Na Podkarpaciu popada deszcz, a na Suwalszczyźnie poprószy śnieg, poza tym przeważą opady deszczu ze śniegiem. Uniknie ich tylko Dolny Śląsk.
Wielkanoc: do 7 st. C
W samą Wielkanoc prognoza też nie przewiduje przyjemnej aury. Na północy i zachodzie ma padać deszcz ze śniegiem, a na pozostałym obszarze kraju deszcz. Słońce może się przebić zza chmur tylko w zachodnich regionach.
Najwyższa temperaturę, 7 st. C, odnotuje Podkarpacie, najchłodniej, 2 st. C, będzie na Suwalszczyźnie. Na pozostałych terenach termometry pokażą 4 st. C.
Deszcz ze śniegiem na dyngusa
Lany poniedziałek według ostatnich danych pogodowych też nie zapowiada się szczególnie wiosennie. Utrzymają się chmury i opady deszczu ze śniegiem w większości regionów.
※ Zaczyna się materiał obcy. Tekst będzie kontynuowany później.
Lemma Qp_threshold_split (p : R) : 0 < p ->
  eig_asc (Qp Q p) 1 = 2 * m.+1%:R * p <-> p * m.+2%:R <= eig_asc Q 1.
Proof.
move=> p_gt0; have [e_t e_min] := eig_asc1_Q; set e := eig_asc Q 1 in e_t e_min *.
set c1 := p * m.+2%:R; set c2 := p * m%:R; set a := 2 * m.+1%:R * p.
have a_c : a = c1 + c2 by rewrite /a /c1 /c2; ring.
have c2_ge0 : 0 <= c2 by apply: mulr_ge0; [exact: ltW | exact: ler0n].
have c21 : c2 <= c1 by rewrite /c1 /c2 ler_pM2l // ler_nat leqW.
have c1_ge0 := le_trans c2_ge0 c21.
set r := a :: [seq y + c1 | y <- t] ++ [seq y + c2 | y <- t].
have r_ge0 : {in r, forall y, 0 <= y}.
  move=> y; rewrite inE mem_cat => /orP[/eqP->|/orP[]/mapP[z z_t ->]].
  - by rewrite a_c addr_ge0.
  - by rewrite addr_ge0 // spectrum_deflate_ge0.
  - by rewrite addr_ge0 // spectrum_deflate_ge0.
have [f_r f_min] :
    eig_asc (Qp Q p) 1 \in r /\ {in r, forall y, eig_asc (Qp Q p) 1 <= y}.
  apply: eig_asc1_min r_ge0 isT.
  rewrite char_poly_Qp !(char_poly_shift _ char_deflate) !big_cons big_cat /= subr0.
  by rewrite -mulrA; congr (_ * _); exact: mulrCA.
split=> [f_a|c1_e].
  have := f_min (e + c2); rewrite f_a inE mem_cat (map_f (fun y => y + c2) e_t).
  by rewrite !orbT a_c lerD2r => /(_ isT).
apply: le_anti; rewrite f_min ?mem_head //=.
move: f_r; rewrite inE mem_cat => /orP[/eqP->//|/orP[]/mapP[z z_t ->]].
- by rewrite a_c addrC lerD // (le_trans c21 (le_trans c1_e (e_min _ z_t))).
- by rewrite a_c lerD2r (le_trans c1_e (e_min _ z_t)).
Qed.

End SplitSpectrum.

Lemma Qp_threshold (p : R) : 0 < p ->
  eig_asc (Qp Q p) 1 = 2 * m.+1%:R * p <-> p * m.+2%:R <= eig_asc Q 1.
Proof.
move=> p_gt0.
have [[t char_deflate]|nosplit] := pselect (splits (char_poly (deflate Q))).
  exact: (Qp_threshold_split char_deflate p_gt0).
(* Otherwise [eig_asc] takes its default value 0 on Q and on Qp Q p, and both
   sides of the equivalence are false. *)
have nosplit_Q : ~ splits (char_poly Q).
  move=> split_Q; apply/nosplit/(splits_dvdp (char_poly_monic _) _ split_Q).
  by rewrite char_poly_Q dvdp_mulIr.
have nosplit_Qp : ~ splits (char_poly (Qp Q p)).
  move=> split_Qp; apply/nosplit/splits_char_poly_shift.
  apply: (splits_dvdp (char_poly_monic _) _ split_Qp); rewrite char_poly_Qp.
  exact: dvdp_trans (dvdp_mulIr 'X _) (dvdp_mulIl _ _).
rewrite !eig_asc_nosplit //.
have a_gt0 : 0 < 2 * m.+1%:R * p by rewrite !mulr_gt0.
have c_gt0 : 0 < p * m.+2%:R by rewrite mulr_gt0.
by split=> [a0|]; [move: a_gt0; rewrite -a0 ltxx | rewrite leNgt c_gt0].
Qed.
Wzdłuż zachodniej granicy może prószyć sam śnieg, ale w tym pasie, a także w centrum zza chmur powinno czasem wyjść słońce.
Temperatury nie będą zbyt wysokie: od 1 st. C na Suwalszczyźnie i dolnym Śląsku przez 3 st. C w centrum po 5 st. C na Podkarpaciu.
- Tak to wygląda, że synoptykom jednego dnia wychodzi wiosenna i ciepła aura, a następnego dnia to się zmienia. Więc kto wie, może jutro będzie jakaś rewolucja - pociesza prezenterka TVN Meteo Maja Popielarska.